**TASK TO COMPLETE**
Within the entries below, the lines from the one with "exists w : seq" through the one with "Variables (f : T -> T) (p : T)." are to be set down exactly, both ends kept.

**DATA**
(* Let $\mathcal D_n$ be a minimal DFA with state set $Q_n$ and transition semigroup $T_n$. For $t\in T_n$ and $p,q\in Q_n$: $p\prec q$ implies $pt\preceq qt$; and if $p\prec pt$, then $p\prec pt\prec\cdots\prec pt^k=pt^{k+1}$ for some $k\ge1$. Similarly, $p\succ q$ implies $pt\succeq qt$, and $p\succ pt$ implies $p\succ pt\succ\cdots\succ pt^k=pt^{k+1}$ for some $k\ge 1$.
   Context: The transition semigroup is the set of transformations $q\mapsto\delta(q,w)$ of $Q_n$ induced by nonempty words $w$; $qt$ denotes the image of $q$ under $t$, and $t^k$ is the $k$-fold composition. For a state $q$, $K_q$ is the language accepted by the DFA started in $q$. We write $p\prec q$ if $K_p\subsetneq K_q$, and $p\preceq q$ if $K_p\subseteq K_q$ (equivalently $p=q$ or $p\prec q$ in a minimal DFA); $\succ,\succeq$ are the reverse relations. *)

From mathcomp Require Import all_boot.
Set Implicit Arguments. Unset Strict Implicit. Unset Printing Implicit Defensive.

Record dfa (n : nat) (A : finType) := DFA {
  delta : 'I_n -> A -> 'I_n;
  init  : 'I_n;
  final : pred 'I_n
}.

Section DFA.
Variables (n : nat) (A : finType) (D : dfa n A).

Definition delta_star (q : 'I_n) (w : seq A) : 'I_n := foldl (delta D) q w.

Definition accepts (q : 'I_n) (w : seq A) : bool := final D (delta_star q w).

Definition lang_sub (p q : 'I_n) : Prop := forall w, accepts p w -> accepts q w.

Definition st_le (p q : 'I_n) : Prop := lang_sub p q.
Definition st_lt (p q : 'I_n) : Prop := lang_sub p q /\ ~ lang_sub q p.

Definition minimal_dfa : Prop :=
  (forall q : 'I_n, exists w, delta_star (init D) w = q) /\
  (forall p q : 'I_n, (forall w, accepts p w = accepts q w) -> p = q).

Definition in_trans_semigroup (t : 'I_n -> 'I_n) : Prop :=
  exists w : seq A, 0 < size w /\ forall q, t q = delta_star q w.
End DFA.

(* p t^i written as iter i t p *)

(* Inclusion of languages is a partial order on the states of a minimal DFA
   (antisymmetry is minimality), and every transformation t induced by a word
   w is monotone for it, since K_(qt) is the quotient of K_q by w.  Iterating
   a monotone self-map f of a finite partial order from a point p with p <= pf
   gives a nondecreasing sequence, which must repeat and hence becomes
   constant; up to its first fixed point it increases strictly. The dual
   statements are the same fact for the reverse order. *)

From mathcomp Require Import all_boot.

Section MonotoneIterates.

Variables (T : finType) (le : T -> T -> Prop).
Hypothesis le_refl : forall a, le a a.
Hypothesis le_trans : forall a b c, le a b -> le b c -> le a c.
Hypothesis le_anti : forall a b, le a b -> le b a -> a = b.
Variables (f : T -> T) (p : T).
Hypothesis f_mono : forall a b, le a b -> le (f a) (f b).
Hypothesis le_f : le p (f p).

Lemma le_iterS i : le (iter i f p) (iter i.+1 f p).
Proof. by elim: i => [|i IHi] //=; apply: f_mono. Qed.

Lemma le_iter_addn i d : le (iter i f p) (iter (d + i) f p).
Proof.
elim: d => [|d IHd] //; rewrite addSn.
exact: le_trans IHd (le_iterS _).
Qed.

Lemma exists_iter_fixed : exists m, iter m f p == iter m.+1 f p.
Proof.
(* By finiteness, the iterate at index [order f p] repeats an earlier one. *)
have /trajectP[i lt_i_ord iter_ord] := looping_order f p.
exists i; apply/eqP/le_anti; first exact: le_iterS.
rewrite -iter_ord -(subnK lt_i_ord).
exact: le_iter_addn.
Qed.

Lemma iter_strict_chain : ~ le (f p) p ->
  exists k, 1 <= k /\
    (forall i, i < k -> le (iter i f p) (iter i.+1 f p) /\
                        ~ le (iter i.+1 f p) (iter i f p)) /\
    iter k f p = iter k.+1 f p.
Proof.
move=> not_le_fp; case: (ex_minnP exists_iter_fixed) => k /eqP fix_k min_k.
exists k; split; [|split] => //.
- by case: k fix_k {min_k} => // fix_0; case: not_le_fp; rewrite -[f p]fix_0.
- move=> i lt_ik; split; first exact: le_iterS.
  move=> le_Si; have /min_k : iter i f p == iter i.+1 f p.
    by apply/eqP/le_anti => //; apply: le_iterS.
  by rewrite leqNgt lt_ik.
Qed.

End MonotoneIterates.

Section LanguageOrder.

Variables (n : nat) (A : finType) (D : dfa n A).

Lemma lang_sub_refl q : lang_sub D q q.
Proof. by []. Qed.

Lemma lang_sub_trans p q r : lang_sub D p q -> lang_sub D q r -> lang_sub D p r.
Proof. by move=> pq qr w /pq /qr. Qed.

Lemma minimal_lang_sub_anti p q :
  minimal_dfa D -> lang_sub D p q -> lang_sub D q p -> p = q.
Proof.
move=> [_ inj_lang] pq qp; apply: inj_lang => w.
by apply/idP/idP; [apply: pq | apply: qp].
Qed.

Lemma trans_semigroup_lang_sub t p q :
  in_trans_semigroup D t -> lang_sub D p q -> lang_sub D (t p) (t q).
Proof.
move=> [u [_ tE]] pq w.
by rewrite /accepts !tE /delta_star -!foldl_cat; apply: pq.
Qed.

End LanguageOrder.

Theorem proposition3 (n : nat) (A : finType) (D : dfa n A) :
  minimal_dfa D ->
  forall (t : 'I_n -> 'I_n), in_trans_semigroup D t ->
  forall p q : 'I_n,
    (st_lt D p q -> st_le D (t p) (t q)) /\
    (st_lt D p (t p) ->
       exists k : nat, 1 <= k /\
         (forall i, i < k -> st_lt D (iter i t p) (iter i.+1 t p)) /\
         iter k t p = iter k.+1 t p) /\
    (st_lt D q p -> st_le D (t q) (t p)) /\
    (st_lt D (t p) p ->
       exists k : nat, 1 <= k /\
         (forall i, i < k -> st_lt D (iter i.+1 t p) (iter i t p)) /\
         iter k t p = iter k.+1 t p).
Proof.
move=> minD t t_in p q.
have anti a b := @minimal_lang_sub_anti _ _ D a b minD.
have mono a b := @trans_semigroup_lang_sub _ _ D t a b t_in.
split; [|split; [|split]].
- by move=> [pq _]; apply: mono.
- move=> [le_p not_le_p]; apply: iter_strict_chain not_le_p => //.
  + exact: lang_sub_refl.
  + exact: lang_sub_trans.
- by move=> [qp _]; apply: mono.
- move=> [le_p not_le_p].
  apply: (@iter_strict_chain _ (fun a b => lang_sub D b a)) not_le_p => //.
  + exact: lang_sub_refl.
  + by move=> a b c ab bc; apply: lang_sub_trans bc ab.
  + by move=> a b ab ba; apply: anti.
  + by move=> a b; apply: mono.
Qed.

**EXERCISE SOLUTION**
  exists w : seq A, 0 < size w /\ forall q, t q = delta_star q w.
End DFA.

(* p t^i written as iter i t p *)

(* Inclusion of languages is a partial order on the states of a minimal DFA
   (antisymmetry is minimality), and every transformation t induced by a word
   w is monotone for it, since K_(qt) is the quotient of K_q by w.  Iterating
   a monotone self-map f of a finite partial order from a point p with p <= pf
   gives a nondecreasing sequence, which must repeat and hence becomes
   constant; up to its first fixed point it increases strictly. The dual
   statements are the same fact for the reverse order. *)

From mathcomp Require Import all_boot.

Section MonotoneIterates.

Variables (T : finType) (le : T -> T -> Prop).
Hypothesis le_refl : forall a, le a a.
Hypothesis le_trans : forall a b c, le a b -> le b c -> le a c.
Hypothesis le_anti : forall a b, le a b -> le b a -> a = b.
Variables (f : T -> T) (p : T).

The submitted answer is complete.